ACCESSIBLE HEALTH DATA
Although other sources of county-level data are available through the Robert Wood Johnson Foundation, PolicyLink, and other organizations, these resources provide aggregate data and allow some comparisons of key essential data between counties but do not provide all the essential data on health outcomes and health determinants in one data set that the CHSI tool made accessible to the public. We concur with the authors that there is still a need for CHSI-type data that are easily accessed by the public and expand indicators to also measure emotional well-being and better community health, particularly if they are combined in one accessible data set for smaller geographic areas, as the Federal Data Strategy presents an opportunity to build on lessons from the use of CHSIs.
CONCLUSIONS
Although national initiatives, such as the Federal Data Strategy and the National Committee on Vital Health Statistics, identify key health indicators to move the entire health status of the nation forward, local communities often need additional data, including smaller geographic areas of data for community health planning, interventions, programs, evaluation, and monitoring ultimately for advocacy and public health action.

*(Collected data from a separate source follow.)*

(* Let $n\ge 2$, $\rho>0$, and let $F$ be a continuous distribution supported on the non-negative real numbers with a monotone decreasing density $f$. Then the worst-case zero-outage capacity $\underline{R^{0}}(\rho)=\log_2(1-\rho\,\phi_{-}(1))$ equals $0$.
   Context: Let $X\sim F$, $G=F^{-1}$. The function $\phi_{-}$ is defined for the distribution of $-X$, which has the increasing density $x\mapsto f(-x)$ and quantile function $G_{-}(x)=-G(1-x)$: for $a\in[0,1]$ let $H^{-}_a(x)=G_{-}(a+x)+(n-1)G_{-}(1-(n-1)x)$, $c^{-}_n(a)=\min\{c\in[0,\tfrac{1-a}{n}]: \int_c^{(1-a)/n}H^{-}_a(t)\,dt\le(\tfrac{1-a}{n}-c)H^{-}_a(c)\}$, and $\phi_{-}(a)=H^{-}_a(0)=-(G(1-a)+(n-1)G(0))$ if $c^{-}_n(a)>0$, $\phi_{-}(a)=n\,\mathbb{E}[-X\mid -X>G_{-}(a)]=-n\,\mathbb{E}[X\mid X<G(1-a)]$ if $c^{-}_n(a)=0$. The quantity $\log_2(1-\rho\phi_{-}(1-\varepsilon))$ is the smallest $\varepsilon$-outage capacity $\sup\{R\ge0:\Pr(\sum_{i=1}^n|h_i|^2<(2^R-1)/\rho)<\varepsilon\}$ over joint distributions of $(|h_1|^2,\dots,|h_n|^2)$ with each $|h_i|^2\sim F$; zero outage is $\varepsilon=0$. *)

From HB Require Import structures.
From mathcomp Require Import all_boot all_order all_algebra.
From mathcomp Require Import all_classical all_reals all_analysis.
Set Implicit Arguments. Unset Strict Implicit. Unset Printing Implicit Defensive.
Import Order.TTheory GRing.Theory Num.Theory.
Local Open Scope classical_set_scope.
Local Open Scope ring_scope.

Definition decreasing_density (R : realType) (f : R -> R) : Prop :=
  [/\ (forall x, 0 <= f x),
      measurable_fun setT f,
      (\int[lebesgue_measure]_(y in setT) (f y)%:E = 1)%E,
      (forall x, x < 0 -> f x = 0)
    & {in `[0, +oo[ &, {homo f : x y /~ x <= y}}].

Definition cdf_of (R : realType) (f : R -> R) (x : R) : \bar R :=
  (\int[lebesgue_measure]_(y in `]-oo, x]) (f y)%:E)%E.

(* Zero-outage capacity of a given joint law of (|h_1|^2, ..., |h_n|^2),
   realised as random variables X i on a probability space (T, P):
   sup { R >= 0 : Pr( sum_i X_i < (2^R - 1)/rho ) = 0 }. *)
Definition zero_outage_capacity (R : realType) (d : measure_display)
    (T : measurableType d) (P : probability T R) (n : nat)
    (X : 'I_n -> T -> R) (rho : R) : \bar R :=
  ereal_sup [set r%:E | r in
    [set r : R | 0 <= r /\
       P [set w | \sum_(i < n) X i w < (2 `^ r - 1) / rho] = 0%E]].

Definition worst_case_zero_outage (R : realType) (n : nat) (f : R -> R)
    (rho : R) : \bar R :=
  ereal_inf [set c | exists (d : measure_display) (T : measurableType d)
      (P : probability T R) (X : 'I_n -> T -> R),
      [/\ (forall i, measurable_fun setT (X i)),
          (forall i x, P (X i @^-1` `]-oo, x]) = cdf_of f x)
        & c = zero_outage_capacity P X rho]].

From HB Require Import structures.
From mathcomp Require Import all_boot all_order all_algebra.
From mathcomp Require Import all_classical all_reals all_analysis.
From mathcomp Require Import measurable_realfun lra.
Set Implicit Arguments. Unset Strict Implicit. Unset Printing Implicit Defensive.
Import Order.TTheory GRing.Theory Num.Theory.
Local Open Scope ring_scope.
Local Open Scope classical_set_scope.

(* Every marginal F lives on [0, +oo), so under any coupling the sum of the
   gains is almost surely nonnegative and the rate 0 never outages: the
   capacity is >= 0.  Conversely, under the comonotone coupling in which all
   n gains equal a single X ~ F, a rate r > 0 outages with probability
   P(X < (2^r - 1) / (n rho)) > 0, because a nonincreasing density on
   [0, +oo) charges every interval [0, t): either f(t/2) > 0, or f vanishes
   beyond t/2 and all the mass lies below t. *)

Definition probability_density (R : realType) (f : R -> R) : Prop :=
  [/\ (forall x, 0 <= f x), measurable_fun setT f
    & (\int[lebesgue_measure]_(y in setT) (f y)%:E = 1)%E].

Lemma decreasing_density_pdf (R : realType) (f : R -> R) :
  decreasing_density f -> probability_density f.
Proof. by case=> f_ge0 mf f1 _ _; split. Qed.

(* The proof argument is unused in the body; it is there so that the measure
   and probability instances below can be declared on [density_prob pf]. *)
Definition density_prob (R : realType) (f : R -> R)
    (_ : probability_density f) (A : set R) : \bar R :=
  (\int[lebesgue_measure]_(x in A) (f x)%:E)%E.

Section density_probability.
Context (R : realType) (f : R -> R) (pf : probability_density f).
Local Notation P := (density_prob pf).

Let f_ge0 x : 0 <= f x. Proof. by case: pf. Qed.

Let mf : measurable_fun setT f. Proof. by case: pf. Qed.

Let P0 : P set0 = 0%E. Proof. exact: integral_set0. Qed.

Let P_ge0 A : (0 <= P A)%E.
Proof. by apply: integral_ge0 => x _; rewrite lee_fin. Qed.

Let P_sigma_additive : semi_sigma_additive P.
Proof.
move=> /= A mA tA mUA; rewrite /density_prob ge0_integral_bigcup//=.
- apply: is_cvg_ereal_nneg_natsum_cond => k _ _.
  by apply: integral_ge0 => x _; rewrite lee_fin.
- by apply/measurable_EFinP; exact: measurable_funTS.
- by move=> x _; rewrite lee_fin.
Qed.

HB.instance Definition _ := isMeasure.Build _ _ _ P P0 P_ge0 P_sigma_additive.

Let P_setT : P [set: R] = 1%E. Proof. by case: pf. Qed.

HB.instance Definition _ := @Measure_isProbability.Build _ _ R P P_setT.

End density_probability.

Lemma powR_gt1 (R : realType) (a x : R) : 1 < a -> 0 < x -> 1 < a `^ x.
Proof.
move=> a1 x0; have a0 : 0 < a := lt_trans ltr01 a1.
by rewrite /powR gt_eqF // expR_gt1 mulr_gt0 // ln_gt0.
Qed.

Lemma set_sumr_const_lt (R : realType) (n : nat) (c : R) : (0 < n)%N ->
  [set w : R | \sum_(i < n) w < c] = `]-oo, c / n%:R[.
Proof.
move=> n0; apply/seteqP; split => w /=;
  by rewrite in_itv /= sumr_const card_ord ltr_pdivlMr ?ltr0n // mulr_natr.
Qed.

Section decreasing_density.
Context (R : realType) (f : R -> R) (hf : decreasing_density f).

Lemma decreasing_density_eq0 (s y : R) : 0 < s -> f s <= 0 -> s <= y -> f y = 0.
Proof.
case: hf => f_ge0 _ _ _ f_dec s0 fs0 sy.
apply/eqP; rewrite eq_le f_ge0 andbT (le_trans _ fs0) //.
by apply: f_dec; rewrite // in_itv /= andbT ?(le_trans (ltW s0) sy) ?ltW.
Qed.

Lemma density_prob_itvNyo_gt0 (t : R) : 0 < t ->
  (0 < density_prob (decreasing_density_pdf hf) `]-oo, t[)%E.
Proof.
move=> t0; have [f_ge0 mf f1 _ f_dec] := hf.
have mfE A : measurable_fun A (EFin \o f).
  by apply/measurable_EFinP; exact: measurable_funTS.
set s := t / 2; have s0 : 0 < s by rewrite divr_gt0.
have s_ge0 := ltW s0.
have [fs_gt0|fs_le0] := ltrP 0 (f s).
  rewrite /density_prob.
  apply: (@lt_le_trans _ _ (\int[lebesgue_measure]_(x in `[0%R, s]) (f s)%:E)%E).
    rewrite integral_cst //= lebesgue_measure_itv /= lte_fin s0 sube0.
    by rewrite -EFinM lte_fin mulr_gt0.
  apply: (@le_trans _ _ (\int[lebesgue_measure]_(x in `[0%R, s]) (f x)%:E)%E).
    apply: ge0_le_integral => //=;
      [by move=> x _; rewrite lee_fin ltW|exact: mfE|].
    move=> x; rewrite in_itv /= => /andP[x0 xs]; rewrite lee_fin.
    by apply: f_dec; rewrite // in_itv /= andbT.
  apply: ge0_subset_integral => //=;
    [exact: mfE|by move=> x _; rewrite lee_fin|].
  move=> x /=; rewrite !in_itv /= => /andP[_ xs].
  by rewrite (le_lt_trans xs) // /s; lra.
rewrite /density_prob integral_mkcond.
have -> : (fun x => (f x)%:E) \_ `]-oo, t[ = (fun x => (f x)%:E).
  apply/funext => x; rewrite /patch; case: ifPn => //.
  rewrite notin_setE /= in_itv /= => /negP; rewrite -leNgt => tx.
  by rewrite (decreasing_density_eq0 s0 fs_le0) // (le_trans _ tx) // /s; lra.
by rewrite f1 lte01.
Qed.

End decreasing_density.

Lemma cdf_of_lt0 (R : realType) (f : R -> R) (x : R) :
  (forall y, y < 0 -> f y = 0) -> x < 0 -> cdf_of f x = 0%E.
Proof.
move=> f_lt0 x_lt0; apply: integral0_eq => y /=; rewrite in_itv /= => yx.
by rewrite f_lt0 // (le_lt_trans yx x_lt0).
Qed.

Section zero_outage_capacity_bounds.
Context (R : realType) (d : measure_display) (T : measurableType d).

Lemma negligible_lt0 (mu : {measure set T -> \bar R}) (Y : T -> R) :
  measurable_fun setT Y -> (forall x, x < 0 -> mu (Y @^-1` `]-oo, x]) = 0%E) ->
  mu.-negligible [set w | Y w < 0].
Proof.
move=> mY Y_ge0.
apply: (@negligibleS _ _ _ _ (\bigcup_k Y @^-1` `]-oo, - k.+1%:R^-1])).
  move=> w /= /ltr_add_invr[k Yk]; exists k => //=.
  by rewrite in_itv /= ltW // -(ltrD2r k.+1%:R^-1) addNr.
apply: negligible_bigcup => k; apply/negligibleP.
  by rewrite -[X in measurable X]setTI; apply: mY.
by apply: Y_ge0; rewrite oppr_lt0 invr_gt0.
Qed.

Lemma negligible_sum_lt0 (mu : {measure set T -> \bar R}) (n : nat)
    (X : 'I_n -> T -> R) :
  (forall i, mu.-negligible [set w | X i w < 0]) ->
  mu.-negligible [set w | \sum_(i < n) X i w < 0].
Proof.
move=> X_ge0.
apply: (@negligibleS _ _ _ _ (\big[setU/set0]_(i < n) [set w | X i w < 0])).
  move=> w /= sum_lt0; rewrite -bigcup_seq.
  have /existsP[i Xi] : [exists i, X i w < 0].
    apply: contraLR sum_lt0; rewrite negb_exists => /forallP Xw_ge0.
    by rewrite -leNgt sumr_ge0 // => i _; rewrite leNgt Xw_ge0.
  by exists i => //; exact: mem_index_enum.
elim/big_ind: _ => [|A B|i _];
  [exact: negligible_set0|exact: negligibleU|exact: X_ge0].
Qed.

Context (P : probability T R) (n : nat) (X : 'I_n -> T -> R) (rho : R).

Lemma zero_outage_capacity_ge0 :
  (forall i, measurable_fun setT (X i)) ->
  (forall i, P.-negligible [set w | X i w < 0]) ->
  (0 <= zero_outage_capacity P X rho)%E.
Proof.
move=> mX X_ge0; apply: ereal_sup_ubound; exists 0 => //; split => //.
rewrite powRr0 subrr mul0r; apply/negligibleP; last exact: negligible_sum_lt0.
have := measurable_sum (index_enum 'I_n) mX measurableT
  (measurable_itv `]-oo, 0[%R).
by rewrite setTI.
Qed.

Lemma zero_outage_capacity_le0 : 0 < rho ->
  (forall c, 0 < c -> P [set w | \sum_(i < n) X i w < c] != 0%E) ->
  (zero_outage_capacity P X rho <= 0)%E.
Proof.
move=> rho0 P_gt0; apply: ge_ereal_sup => _ [r [r_ge0 Pr0] <-].
rewrite lee_fin leNgt; apply/negP => r_gt0.
suff c_gt0 : 0 < (2 `^ r - 1) / rho by move: (P_gt0 _ c_gt0); rewrite Pr0 eqxx.
by rewrite divr_gt0 // subr_gt0 powR_gt1 // ltr1n.
Qed.

End zero_outage_capacity_bounds.

Theorem proposition2 (R : realType) (n : nat) (rho : R) (f : R -> R) :
  (2 <= n)%N -> 0 < rho -> decreasing_density f ->
  worst_case_zero_outage n f rho = 0%E.
Proof.
move=> n2 rho0 hf; have [_ _ _ f_lt0 _] := hf; have n0 := ltnW n2.
set P := density_prob (decreasing_density_pdf hf).
apply/eqP; rewrite eq_le; apply/andP; split.
- apply: ge_ereal_inf; exists (zero_outage_capacity P (fun _ : 'I_n => id) rho).
    by exists _, R, P, (fun _ => id).
  apply: zero_outage_capacity_le0 => // c c0.
  rewrite set_sumr_const_lt // gt_eqF // density_prob_itvNyo_gt0 //.
  by rewrite divr_gt0 // ltr0n.
- apply: le_ereal_inf_tmp => _ [d [T [Q [X [mX QX ->]]]]].
  apply: zero_outage_capacity_ge0 => // i; apply: negligible_lt0 => // x x0.
  exact: etrans (QX i x) (cdf_of_lt0 f_lt0 x0).
Qed.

Creating a complete set of essential data as suggested by Phillips et al., which also addresses the gaps identified by the Federal Data Strategy and the National Committee on Vital Health Statistics, could arm communities with the needed science to effectively improve community health and achieve health equity. Only then can we realize the aphorism from a wise epidemiologist that “what gets measured gets done.”
ACKNOWLEDGMENTS
We acknowledge the clerical assistance of Jeanine Robinson, program assistant for the Public Health and Preventive Medicine Residency Program at Morehouse School of Medicine.
CONFLICTS OF INTEREST
Neither author has any financial conflicts of interest.